Dtrace equivalent for Linux only requires a PhD.
Well if you read Linux on POWER versus Solaris 10, Part 1:A technical comparison. You get the idea that making what dtrace does is easy to accomplish in Linux, well if you dig a little deeper into how the Linux version works you are in for some surprises.
There are a number of powerful technologies available for Linux on POWER that provide some, if not all, of the features provided by DTrace. In the following, we provide a brief introduction to each of those tools.
dtrace -l | grep mmap
195 syscall mmap entry
196 syscall mmap return
375 syscall mmap64 entry
376 syscall mmap64 return
5225 fbt genunix smmap_common entry
5226 fbt genunix smmap_common return
9395 fbt genunix smmaplf32 entry
9396 fbt genunix smmaplf32 return
12543 fbt genunix smmap32 entry
12544 fbt genunix smmap32 return
12545 fbt genunix smmap64 entry
12546 fbt genunix smmap64 return
13902 fbt genunix cdev_mmap entry
13903 fbt genunix cdev_mmap return
14146 fbt genunix ddi_mmap_get_model entry
14147 fbt genunix ddi_mmap_get_model return
24837 fbt cgsix cg6_mmap entry
24838 fbt cgsix cg6_mmap return
28247 fbt mm mmmmap entry
28248 fbt mm mmmmap return
Okay now that we have the name of the probe, lets write a simple script that says “here I am” everytime a mmap gets called.
syscall::mmap:entry
{
printf("here i am");
}
Dtrace is just some C dialect mixed with some awk, pretty easy no complex kernel coding so lets run it.
# dtrace -s test.d
dtrace: script 'test.d' matched 1 probe
CPU ID FUNCTION:NAME
0 195 mmap:entry here i am
^C
That is it. Were done, of course we could do a lot more and get more information, with just another line of code, but I’ll save that for another day dtrace comes with 30,000 probes on a basic install, if you want to watch the kernel most likely the probe is ready and waiting.
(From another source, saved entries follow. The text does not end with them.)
(* Let $n\ge2$, let $y_{\mathrm{ref}}=(0,\dots,0,1)\in O_n$ and $\ket{\psi_{\mathrm{ref}}}=\ket{\psi_{y_{\mathrm{ref}}}}$. For $y\in O_n$ define $u=y\oplus y_{\mathrm{ref}}\in\{0,1\}^n$, $v\in\{0,1\}^n$ by $v_l=\sum_{j=1}^{l-1}u_j \bmod 2$ for $l=1,\dots,n$, and $v'\in\{0,1\}^{n-1}$ by $v'_i=v_i+v_n \bmod 2$. Let $D(u,v')=Z(v')X(u)$ where $X(u)=\bigotimes_{i=1}^{n-1}X_i^{u_i}$ and $Z(v')=\bigotimes_{i=1}^{n-1}Z_i^{v'_i}$ act on $n-1$ qubits. Then $$\ket{\psi_y}=(-1)^{v\cdot y}\,D(u,v')\ket{\psi_{\mathrm{ref}}},$$ where $v\cdot y=\sum_{i=1}^n v_iy_i \bmod 2$.
   Context: $E_n$ and $O_n$ are the even- and odd-weight strings in $\{0,1\}^n$. For $x\in E_n$, $\ket{\psi_x}=\ket{x_1\cdots x_{n-1}}$ (computational basis of $n-1$ qubits). For $y\in O_n$, $\ket{\psi_y}=\frac1{\sqrt n}\sum_{x\in E_n,\,d_H(x,y)=1}(A_n)_{yx}\ket{\psi_x}$, where $(A_n)_{yx}=\bra{y}A_n\ket{x}$ in the $n$-qubit computational basis (qubit 1 leftmost) and $A_n=\sum_{l=1}^nZ^{\otimes(l-1)}\otimes X\otimes I^{\otimes(n-l)}$. $X_i,Z_i$ are Pauli operators on qubit $i$; $d_H$ is Hamming distance. *)

(* Qubits/bit positions are 0-based: paper's qubit i is index i-1. *)
From mathcomp Require Import all_boot all_order all_algebra.
Set Implicit Arguments. Unset Strict Implicit. Unset Printing Implicit Defensive.
Import Order.TTheory GRing.Theory Num.Theory.
Local Open Scope ring_scope.

Notation bits n := {ffun 'I_n -> bool}.

Definition weight n (x : bits n) : nat := (\sum_(i < n) (x i : nat))%N.
Definition dH n (x y : bits n) : nat := (\sum_(i < n) (x i != y i : nat))%N.

Section Q.
Variable R : rcfType.

Notation state m := {ffun bits m -> R}.

(* Single-qubit matrix elements <a|P|b> *)
Definition pI (a b : bool) : R := (a == b)%:R.
Definition pX (a b : bool) : R := (a != b)%:R.
Definition pZ (a b : bool) : R := (a == b)%:R * (-1) ^+ b.

Definition tens m (P : 'I_m -> bool -> bool -> R) (y x : bits m) : R :=
  \prod_(i < m) P i (y i) (x i).

Definition apply m (M : bits m -> bits m -> R) (s : state m) : state m :=
  [ffun a => \sum_(b : bits m) M a b * s b].

Definition sscale m (c : R) (s : state m) : state m := [ffun a => c * s a].

Definition ssum m (I : finType) (P : pred I) (F : I -> state m) : state m :=
  [ffun a => \sum_(i | P i) F i a].

Definition ket m (b : bits m) : state m := [ffun a => (a == b)%:R].

(* (A_n)_{yx} = <y| sum_l Z^{(l-1)} (x) X (x) I^{(n-l)} |x> *)
Definition A_entry n (y x : bits n) : R :=
  \sum_(l < n) tens (fun i : 'I_n => if (i < l)%N then pZ else if i == l then pX else pI) y x.

Definition trunc n (x : bits n) : bits n.-1 :=
  [ffun i : 'I_n.-1 => x (widen_ord (leq_pred n) i)].

Definition psi n (y : bits n) : state n.-1 :=
  if odd (weight y) then
    sscale (Num.sqrt (n%:R))^-1
      (ssum (fun x : bits n => ~~ odd (weight x) && (dH x y == 1%N))
            (fun x => sscale (A_entry y x) (ket (trunc x))))
  else ket (trunc y).

Definition yref n : bits n := [ffun i : 'I_n => val i == n.-1].

Definition xorb_bits n (y z : bits n) : bits n := [ffun i => y i (+) z i].

(* v_l = sum_{j<l} u_j mod 2 (0-based l) *)
Definition vfun n (u : bits n) (l : nat) : bool :=
  odd (\sum_(j < n | (j < l)%N) (u j : nat)).

Definition Xop n (u : bits n) : bits n.-1 -> bits n.-1 -> R :=
  tens (fun i : 'I_n.-1 => if u (widen_ord (leq_pred n) i) then pX else pI).

Definition Zop m (w : 'I_m -> bool) : bits m -> bits m -> R :=
  tens (fun i : 'I_m => if w i then pZ else pI).

Definition vprime n (u : bits n) (i : 'I_n.-1) : bool :=
  vfun u i (+) vfun u n.-1.

Definition vdot n (u y : bits n) : bool :=
  odd (\sum_(i < n) (vfun u i && y i : nat)).

End Q.

From mathcomp Require Import all_boot all_order all_algebra.
Import GRing.Theory Num.Theory.
Local Open Scope ring_scope.

(* For odd y, the even neighbours of y are its n one-bit flips y + e_k, and A_n
   gives the flip at k the sign (-1)^(y_1 + ... + y_(k-1)), the prefix parity
   P_k(y).  Hence |psi_y> = n^(-1/2) sum_k (-1)^(P_k(y)) |trunc (y + e_k)>, with all
   signs +1 for y_ref.  Since (y_ref + e_k) + u = y + e_k, X(u) carries the terms of
   |psi_ref> to those of |psi_y>, and Z(v') multiplies the k-th one by
   (-1)^(v'.trunc (y + e_k)).  What remains is the parity identity
   P_k(y) = v.y + v'.trunc (y + e_k): expanding the right-hand side bilinearly, it
   collapses because v_l = P_l(y) for l < n and P_n(y) = 1. *)

Lemma odd_sum_bool (I : Type) (r : seq I) (P : pred I) (F : I -> bool) :
  odd (\sum_(i <- r | P i) (F i : nat)) = \big[addb/false]_(i <- r | P i) F i.
Proof.
rewrite (big_morph odd oddD (erefl : odd 0 = false)).
by apply: eq_bigr => i _; rewrite oddb.
Qed.

Lemma prodr_sign (R : pzRingType) (I : Type) (r : seq I) (P : pred I) (F : I -> bool) :
  \prod_(i <- r | P i) (-1) ^+ F i = (-1) ^+ (\big[addb/false]_(i <- r | P i) F i) :> R.
Proof.
have sign0 : (-1) ^+ false = 1 :> R by [].
by rewrite (big_morph (fun b : bool => (-1) ^+ b : R) (@signr_addb R) sign0).
Qed.

Lemma big_nat_addb_pred1 (m k : nat) (F : nat -> bool) :
  \big[addb/false]_(0 <= i < m) (F i && (i == k)) = (k < m)%N && F k.
Proof.
elim: m => [|m IHm]; first by rewrite big_geq.
rewrite big_nat_recr //= IHm ltnS.
case: (eqVneq m k) => [->|ne]; first by rewrite ltnn leqnn andbT.
by rewrite andbF addbF ltn_neqAle eq_sym ne.
Qed.

Definition prefix_parity (Y : nat -> bool) (l : nat) : bool :=
  \big[addb/false]_(0 <= j < l) Y j.

Lemma prefix_paritySn Y l : prefix_parity Y l.+1 = prefix_parity Y l (+) Y l.
Proof. by rewrite /prefix_parity big_nat_recr. Qed.

Lemma prefix_parity_sign {Y : nat -> bool} {m k : nat} :
  (k <= m)%N -> prefix_parity Y m.+1 ->
  prefix_parity Y k =
    \big[addb/false]_(0 <= i < m.+1) (prefix_parity Y i && Y i)
    (+) \big[addb/false]_(0 <= i < m)
          ((prefix_parity Y i (+) prefix_parity Y m) && (Y i (+) (i == k))).
Proof.
move=> km; rewrite prefix_paritySn; set P := prefix_parity Y => odd_m.
have -> : \big[addb/false]_(0 <= i < m) ((P i (+) P m) && (Y i (+) (i == k))) =
    \big[addb/false]_(0 <= i < m) (P i && Y i) (+) ((k < m)%N && P k)
    (+) (P m && P m) (+) ((k < m)%N && P m).
  have distr i : (P i (+) P m) && (Y i (+) (i == k)) =
      (P i && Y i) (+) (P i && (i == k)) (+) (P m && Y i) (+) (P m && (i == k)).
    by rewrite andb_addl !andb_addr !addbA.
  rewrite (eq_bigr _ (fun i _ => distr i)) !big_split /= !big_nat_addb_pred1.
  by rewrite -(big_distrr (plus := addb)).
rewrite big_nat_recr //= andbb.
have -> : Y m = ~~ P m by move: odd_m; case: (Y m); case: (P m).
case: ltnP => [_ | mk]; last have -> : k = m by apply/eqP; rewrite eqn_leq km.
  by case: (P m); case: (P k); case: (\big[addb/false]_(0 <= i < m) _).
by case: (P m); case: (\big[addb/false]_(0 <= i < m) _).
Qed.

Lemma ffun_neq_exists (I : finType) (T : eqType) (f g : {ffun I -> T}) :
  f != g -> exists i, f i != g i.
Proof.
move=> ne; apply/existsP; apply: contraR ne => /existsPn fg.
by apply/eqP/ffunP => i; apply/eqP; rewrite -[_ == _]negbK fg.
Qed.

Definition bitflip {n} (y : bits n) (k : 'I_n) : bits n := [ffun i => y i (+) (i == k)].

Lemma bitflip_inj n (y : bits n) : injective (bitflip y).
Proof.
move=> k l /ffunP/(_ k); rewrite !ffunE eqxx.
by case: (y k); case: eqP.
Qed.

Lemma odd_weight_bitflip n (y : bits n) k :
  odd (weight (bitflip y k)) = ~~ odd (weight y).
Proof.
rewrite /weight !odd_sum_bool /bitflip.
under eq_bigr do rewrite ffunE.
rewrite big_split /= [X in _ (+) X](bigD1 k) //= eqxx.
by rewrite [X in true (+) X]big1 ?addbF ?addbT // => i /negbTE.
Qed.

Lemma dH_bitflip n (y : bits n) k : dH (bitflip y k) y = 1%N.
Proof.
rewrite /dH (bigD1 k) //= big1 => [|i ik]; rewrite ffunE ?eqxx ?(negbTE ik).
  by case: (y k).
by rewrite addbF eqxx.
Qed.

Lemma dH_eq1_bitflip n (x y : bits n) :
  (dH x y == 1%N) = (x \in [set bitflip y k | k : 'I_n]).
Proof.
apply/eqP/imsetP => [dxy | [k _ ->]]; last exact: dH_bitflip.
have [k xyk] : exists k, x k != y k.
  apply/existsP; apply: contraT => /existsPn xy.
  by move: dxy; rewrite /dH big1 // => i _; rewrite -[_ != _]negbK xy.
exists k => //; move: dxy; rewrite /dH (bigD1 k) //= xyk add1n => -[].
move/eqP; rewrite sum_nat_eq0 => /forallP xy.
apply/ffunP => i; rewrite ffunE; case: (eqVneq i k) => [->|ik].
  by move: xyk; case: (x k); case: (y k).
by move: (xy i); rewrite ik addbF; case: (x i); case: (y i).
Qed.

Section Operators.
Variable R : rcfType.

Lemma tens_eq0 {m} (i : 'I_m) (P : 'I_m -> bool -> bool -> R) (a b : bits m) :
  P i (a i) (b i) = 0 -> tens P a b = 0.
Proof. by move=> Pi0; rewrite /tens (bigD1 i) //= Pi0 mul0r. Qed.

Lemma apply_monomial m (M : bits m -> bits m -> R) (f : bits m -> bits m) s a :
  (forall b, b != f a -> M a b = 0) -> apply M s a = M a (f a) * s (f a).
Proof.
by move=> M0; rewrite ffunE (bigD1 (f a)) //= big1 ?addr0 // => b /M0 ->; rewrite mul0r.
Qed.

Lemma apply_Zop m (w : 'I_m -> bool) (s : {ffun bits m -> R}) a :
  apply (Zop R w) s a = (-1) ^+ (\big[addb/false]_i (w i && a i)) * s a.
Proof.
rewrite (@apply_monomial _ _ id) => [|b /ffun_neq_exists[i ab]]; last first.
  by apply: (tens_eq0 i); case: (w i); rewrite /pZ /pI eq_sym (negbTE ab) ?mul0r.
congr (_ * _); rewrite /Zop /tens -prodr_sign; apply: eq_bigr => i _.
by case: (w i); rewrite /pZ /pI eqxx ?mul1r.
Qed.

Lemma apply_Xop n (u : bits n) (s : {ffun bits n.-1 -> R}) a :
  apply (Xop R u) s a = s [ffun i => a i (+) u (widen_ord (leq_pred n) i)].
Proof.
set ua := [ffun i => _].
have entry i b : (if u (widen_ord (leq_pred n) i) then pX R else pI R) (a i) b = pI R (ua i) b.
  by rewrite /ua ffunE /pX /pI; case: (u _); case: (a i); case: b.
rewrite (@apply_monomial _ _ (fun=> ua)) => [|b /ffun_neq_exists[i bi]].
  by rewrite /Xop /tens big1 ?mul1r // => i _; rewrite entry /pI eqxx.
by apply: (tens_eq0 i); rewrite entry /pI eq_sym (negbTE bi).
Qed.

Lemma A_entry_bitflip n (y : bits n) k :
  A_entry R y (bitflip y k) = (-1) ^+ vfun y k.
Proof.
rewrite /A_entry (bigD1 k) //= big1 ?addr0 => [|l lk]; last first.
  apply: (tens_eq0 k); rewrite ffunE eqxx eq_sym (negbTE lk).
  by case: ifP; rewrite /pZ /pI; case: (y k); rewrite ?mul0r.
rewrite /tens /vfun odd_sum_bool -prodr_sign [RHS]big_mkcond /=.
apply: eq_bigr => i _; rewrite ffunE.
case: (ltngtP i k) => [ik | ki | /val_inj ->]; last by rewrite eqxx /pX; case: (y k).
- by rewrite -val_eqE /= ltn_eqF // addbF /pZ eqxx mul1r.
- by rewrite -val_eqE /= gtn_eqF // addbF /pI eqxx.
Qed.

Lemma psi_oddE n (y : bits n) a : odd (weight y) ->
  psi R y a = (Num.sqrt n%:R)^-1 *
    \sum_(k | a == trunc (bitflip y k)) (-1) ^+ vfun y k.
Proof.
move=> hy; rewrite /psi hy !ffunE; congr (_ * _).
rewrite (eq_bigl (fun x => x \in [set bitflip y k | k : 'I_n])) => [|x]; last first.
  rewrite dH_eq1_bitflip.
  by case: imsetP => [[k _ ->]|]; rewrite ?andbF ?odd_weight_bitflip ?hy.
rewrite big_imset /=; last by move=> k l _ _ /bitflip_inj.
rewrite [RHS]big_mkcond; apply: eq_bigr => k _.
by rewrite !ffunE A_entry_bitflip; case: eqP; rewrite ?mulr1 ?mulr0.
Qed.
End Operators.

Lemma vfun_yref n (k : 'I_n) : vfun (yref n) k = false.
Proof.
rewrite /vfun big1 // => j jk; rewrite ffunE ltn_eqF //.
by apply: (leq_trans jk); rewrite -ltnS (ltn_predK (ltn_ord k)).
Qed.

Lemma odd_weight_yref n : (0 < n)%N -> odd (weight (yref n)).
Proof.
rewrite -ltn_predL => n_gt0.
rewrite /weight odd_sum_bool (bigD1 (Ordinal (n_gt0 : n.-1 < n)%N)) //=.
by rewrite ffunE eqxx big1 // => i; rewrite -val_eqE ffunE => /negbTE.
Qed.

Lemma vfun_xor_yref n (y : bits n) l :
  (l <= n.-1)%N -> vfun (xorb_bits y (yref n)) l = vfun y l.
Proof.
move=> ln; rewrite /vfun; apply: congr1; apply: eq_bigr => j jl; rewrite !ffunE.
by rewrite (ltn_eqF (leq_trans jl ln)) addbF.
Qed.

Section SignIdentity.
Variables (m : nat) (y : bits m.+1).
Let Y (j : nat) : bool := y (inord j).

Lemma vfun_prefix_parity l : (l <= m.+1)%N -> vfun y l = prefix_parity Y l.
Proof.
move=> lm; rewrite /vfun odd_sum_bool /prefix_parity (big_nat_widen _ _ _ _ _ lm).
by rewrite big_mkord; apply: eq_bigr => i _; rewrite /Y inord_val.
Qed.

Lemma vfun_sign (k : 'I_m.+1) : odd (weight y) ->
  vfun y k = vdot (xorb_bits y (yref m.+1)) y
    (+) \big[addb/false]_i (vprime (xorb_bits y (yref m.+1)) i && trunc (bitflip y k) i).
Proof.
move=> hy; set u := xorb_bits y (yref m.+1).
have vfun_u l : (l <= m)%N -> vfun u l = prefix_parity Y l.
  by move=> lm; rewrite vfun_xor_yref // vfun_prefix_parity // ltnW.
have km : (k <= m)%N by rewrite -ltnS.
have odd_Y : prefix_parity Y m.+1.
  by rewrite -vfun_prefix_parity // /vfun; under eq_bigl do rewrite ltn_ord.
rewrite vfun_prefix_parity ?leqW // (prefix_parity_sign km odd_Y).
congr (_ (+) _).
  rewrite /vdot odd_sum_bool big_mkord; apply: eq_bigr => i _.
  have im : (i <= m)%N by rewrite -ltnS.
  by rewrite vfun_u // /Y inord_val.
rewrite big_mkord; apply: eq_bigr => i _.
rewrite /vprime /= !vfun_u ?(ltnW (ltn_ord i)) // /trunc /bitflip !ffunE.
have -> : Y i = y (widen_ord (leq_pred m.+1) i).
  by rewrite /Y; apply: congr1; apply: val_inj; rewrite /= inordK // ltnS ltnW.
by rewrite -val_eqE.
Qed.
End SignIdentity.

Lemma eq_trunc_bitflip_xor n (y z : bits n) k (a : bits n.-1) :
  ([ffun i => a i (+) xorb_bits y z (widen_ord (leq_pred n) i)] == trunc (bitflip z k))
  = (a == trunc (bitflip y k)).
Proof.
apply/eqP/eqP => /ffunP eq_a; apply/ffunP => i; move: (eq_a i); rewrite !ffunE;
  by case: (a i); case: (y _); case: (z _); case: (_ == k).
Qed.

Theorem theorem2 (R : rcfType) (n : nat) (hn : (2 <= n)%N) (y : bits n)
  (hy : odd (weight y)) :
  let u := xorb_bits y (yref n) in
  psi R y =
    sscale ((-1) ^+ vdot u y) (apply (Zop R (vprime u)) (apply (Xop R u) (psi R (yref n)))).
Proof.
case: n hn y hy => [|m] // _ y hy /=; apply/ffunP => a.
rewrite ffunE apply_Zop (@apply_Xop R m.+1) !(@psi_oddE R m.+1) ?odd_weight_yref //.
rewrite [RHS]mulrA [RHS]mulrCA; congr (_ * _); rewrite mulr_sumr.
under [RHS]eq_bigl do rewrite eq_trunc_bitflip_xor.
apply: eq_bigr => k /eqP ->.
by rewrite vfun_yref mulr1 -signr_addb -vfun_sign.
Qed.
Now lets look at the KProbe solution.
First we have to install a patch on our kernel, well lets hope that we did this before the box went into production. And that our 3rd party software creator doesn’t have a problem with this, will IBM’s db2 customer support people be okay with having this patch in the kernel, we can only hope and pray.
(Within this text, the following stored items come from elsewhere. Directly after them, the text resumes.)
(* For every positive integer $s$, $$\sum_{n=1}^\infty\frac{(-1)^n}{n^s\,2^n\binom{2n}{n}}\in\mathsf{CMZV}^2_s.$$
   Context: For positive integers $s_1,\dots,s_k$ and complex $a_j$, $L_{s_1,\dots,s_k}(a_1,\dots,a_k)=\sum_{n_1>\cdots>n_k\ge1}\frac{a_1^{n_1}\cdots a_k^{n_k}}{n_1^{s_1}\cdots n_k^{s_k}}$. For integers $N\ge1$, $W\ge1$, $\mathsf{CMZV}^N_W$ is the $\mathbb{Q}$-linear span of all $L_{s_1,\dots,s_k}(a_1,\dots,a_k)$ with $k\ge1$, $s_1+\cdots+s_k=W$, each $a_j$ an $N$-th root of unity, and $(s_1,a_1)\ne(1,1)$. *)

From Stdlib Require Import Reals QArith Qreals List.
From Coquelicot Require Import Coquelicot.
Open Scope R_scope.

(* Truncated multiple polylogarithm sum:
   msum [(s1,a1);...;(sk,ak)] M =
     sum_{M >= n1 > n2 > ... > nk >= 1} a1^n1 ... ak^nk / (n1^s1 ... nk^sk). *)
Fixpoint msum (l : list (nat * R)) (M : nat) : R :=
  match l with
  | nil => 1
  | (s, a) :: l' =>
      (fix g (m : nat) : R :=
         match m with
         | O => 0
         | S m' => g m' + a ^ (S m') / (INR (S m')) ^ s * msum l' m'
         end) M
  end.

(* Admissible index data for CMZV^2_W: k >= 1, all s_j >= 1, each a_j a
   2nd root of unity (a_j^2 = 1; these are real), weight W, and
   (s1,a1) <> (1,1). *)
Definition cmzv2_index (W : nat) (l : list (nat * R)) : Prop :=
  l <> nil /\
  List.Forall (fun p => (1 <= fst p)%nat /\ (snd p) ^ 2 = 1) l /\
  fold_right (fun p acc => (fst p + acc)%nat) 0%nat l = W /\
  (match l with
   | (s1, a1) :: _ => ~ (s1 = 1%nat /\ a1 = 1)
   | nil => True
   end).

(* x lies in the Q-linear span CMZV^2_W: x is a finite Q-linear combination
   of values L_{s}(a) (each value being the limit of the truncated sums). *)
Definition in_CMZV2 (W : nat) (x : R) : Prop :=
  exists terms : list (Q * list (nat * R) * R),
    List.Forall (fun t => cmzv2_index W (snd (fst t)) /\
                     is_lim_seq (msum (snd (fst t))) (Finite (snd t))) terms /\
    x = fold_right (fun t acc => Q2R (fst (fst t)) * snd t + acc) 0 terms.

Definition thm_term (s n : nat) : R :=
  (-1) ^ n / ((INR n) ^ s * 2 ^ n * INR (Factorial.fact (2 * n)) / (INR (Factorial.fact n)) ^ 2).

(* Let [F_s(z) = sum_(n >= 1) z^n / (n^s binom(2n, n))], so that the series is
   [F_s(-1/2)], and substitute [z(x) = -x^2 / (1 + x)]: then [z(1) = -1/2] and
   [z'/z = 2/x - 1/(1 + x)], so [d/dx F_(s+1)(z(x)) = (2/x - 1/(1 + x)) F_s(z(x))].
   The generating series [Li_w(x)] of the multiple polylogarithms, whose value at
   [x = 1] is [L_w], obey the matching rules [d/dx Li_((s+1,a)::v) = Li_((s,a)::v) / x]
   and [d/dx Li_((1,-1)::v)(x) = - Li_v(-x) / (1 + x)].  The ODE
   [(4 - z) F_0 = 2 F_1 + z] gives [F_1(z(x)) = x Li_((1,-1))(x) / (2 + x)], and
   induction on [s] then writes [F_s(z(x))] as an explicit rational combination of
   [Li_w(x)] with [w] admissible of weight [s].  Letting [x -> 1-] (Abel's theorem;
   the coefficients of [Li_w] are summable for admissible [w], by a [sqrt n] bound on
   the truncated sums and, for the head [(1, -1)], summation by parts) expresses
   [F_s(-1/2)] as the same rational combination of the values [L_w]. *)

From Stdlib Require Import Reals QArith Qreals List Lra Lia.
From Coquelicot Require Import Coquelicot.
Open Scope R_scope.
$tar -xvzf kprobes-2.6.8-rc1.tar.gz $cd /usr/src/linux-2.6.8-rc1 $patch -p1 < ../kprobes-2.6.8-rc1-base.patch
Okay next step,
For each probe, you will need to allocate the structure struct kprobe kp; (see include/linux/kprobes.h for more information on this
Hmm so we need to write 3 functions in what looks its using some pretty deep C voodoo there. Do your production servers have compile tools installed?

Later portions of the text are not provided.